Records contained in a dataset
--------------------

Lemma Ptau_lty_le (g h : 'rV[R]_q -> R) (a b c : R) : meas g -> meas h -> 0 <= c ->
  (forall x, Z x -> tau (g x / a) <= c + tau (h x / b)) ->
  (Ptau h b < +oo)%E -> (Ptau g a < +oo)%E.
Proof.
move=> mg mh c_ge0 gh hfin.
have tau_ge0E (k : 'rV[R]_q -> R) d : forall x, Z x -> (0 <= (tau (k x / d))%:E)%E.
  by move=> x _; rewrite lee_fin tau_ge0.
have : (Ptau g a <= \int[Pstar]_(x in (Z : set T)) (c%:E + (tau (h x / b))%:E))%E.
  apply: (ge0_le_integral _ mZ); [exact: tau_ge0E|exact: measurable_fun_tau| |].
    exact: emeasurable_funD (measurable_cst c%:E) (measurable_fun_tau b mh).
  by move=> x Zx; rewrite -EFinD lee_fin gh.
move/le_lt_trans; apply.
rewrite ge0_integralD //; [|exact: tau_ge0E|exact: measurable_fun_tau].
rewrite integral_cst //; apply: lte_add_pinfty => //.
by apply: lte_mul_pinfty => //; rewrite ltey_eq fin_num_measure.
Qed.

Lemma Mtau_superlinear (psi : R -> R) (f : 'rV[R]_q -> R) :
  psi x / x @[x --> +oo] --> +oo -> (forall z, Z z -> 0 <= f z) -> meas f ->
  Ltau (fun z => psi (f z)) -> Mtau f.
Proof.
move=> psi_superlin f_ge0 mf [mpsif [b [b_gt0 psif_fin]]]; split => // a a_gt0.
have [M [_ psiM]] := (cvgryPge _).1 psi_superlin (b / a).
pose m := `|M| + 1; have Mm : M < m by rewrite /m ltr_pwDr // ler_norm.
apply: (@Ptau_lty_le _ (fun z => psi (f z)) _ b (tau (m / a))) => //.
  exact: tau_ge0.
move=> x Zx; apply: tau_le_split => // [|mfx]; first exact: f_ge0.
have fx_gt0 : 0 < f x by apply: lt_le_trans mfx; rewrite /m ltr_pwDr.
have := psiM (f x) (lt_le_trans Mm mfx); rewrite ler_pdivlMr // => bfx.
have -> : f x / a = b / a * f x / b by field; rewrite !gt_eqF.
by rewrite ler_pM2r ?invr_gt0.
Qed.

--------------------

Retype the data precisely.

_Answer to this problem_.
Lemma Ptau_lty_le (g h : 'rV[R]_q -> R) (a b c : R) : meas g -> meas h -> 0 <= c ->
  (forall x, Z x -> tau (g x / a) <= c + tau (h x / b)) ->
  (Ptau h b < +oo)%E -> (Ptau g a < +oo)%E.
Proof.
move=> mg mh c_ge0 gh hfin.
have tau_ge0E (k : 'rV[R]_q -> R) d : forall x, Z x -> (0 <= (tau (k x / d))%:E)%E.
  by move=> x _; rewrite lee_fin tau_ge0.
have : (Ptau g a <= \int[Pstar]_(x in (Z : set T)) (c%:E + (tau (h x / b))%:E))%E.
  apply: (ge0_le_integral _ mZ); [exact: tau_ge0E|exact: measurable_fun_tau| |].
    exact: emeasurable_funD (measurable_cst c%:E) (measurable_fun_tau b mh).
  by move=> x Zx; rewrite -EFinD lee_fin gh.
move/le_lt_trans; apply.
rewrite ge0_integralD //; [|exact: tau_ge0E|exact: measurable_fun_tau].
rewrite integral_cst //; apply: lte_add_pinfty => //.
by apply: lte_mul_pinfty => //; rewrite ltey_eq fin_num_measure.
Qed.

Lemma Mtau_superlinear (psi : R -> R) (f : 'rV[R]_q -> R) :
  psi x / x @[x --> +oo] --> +oo -> (forall z, Z z -> 0 <= f z) -> meas f ->
  Ltau (fun z => psi (f z)) -> Mtau f.
Proof.
move=> psi_superlin f_ge0 mf [mpsif [b [b_gt0 psif_fin]]]; split => // a a_gt0.
have [M [_ psiM]] := (cvgryPge _).1 psi_superlin (b / a).
pose m := `|M| + 1; have Mm : M < m by rewrite /m ltr_pwDr // ler_norm.
apply: (@Ptau_lty_le _ (fun z => psi (f z)) _ b (tau (m / a))) => //.
  exact: tau_ge0.
move=> x Zx; apply: tau_le_split => // [|mfx]; first exact: f_ge0.
have fx_gt0 : 0 < f x by apply: lt_le_trans mfx; rewrite /m ltr_pwDr.
have := psiM (f x) (lt_le_trans Mm mfx); rewrite ler_pdivlMr // => bfx.
have -> : f x / a = b / a * f x / b by field; rewrite !gt_eqF.
by rewrite ler_pM2r ?invr_gt0.
Qed.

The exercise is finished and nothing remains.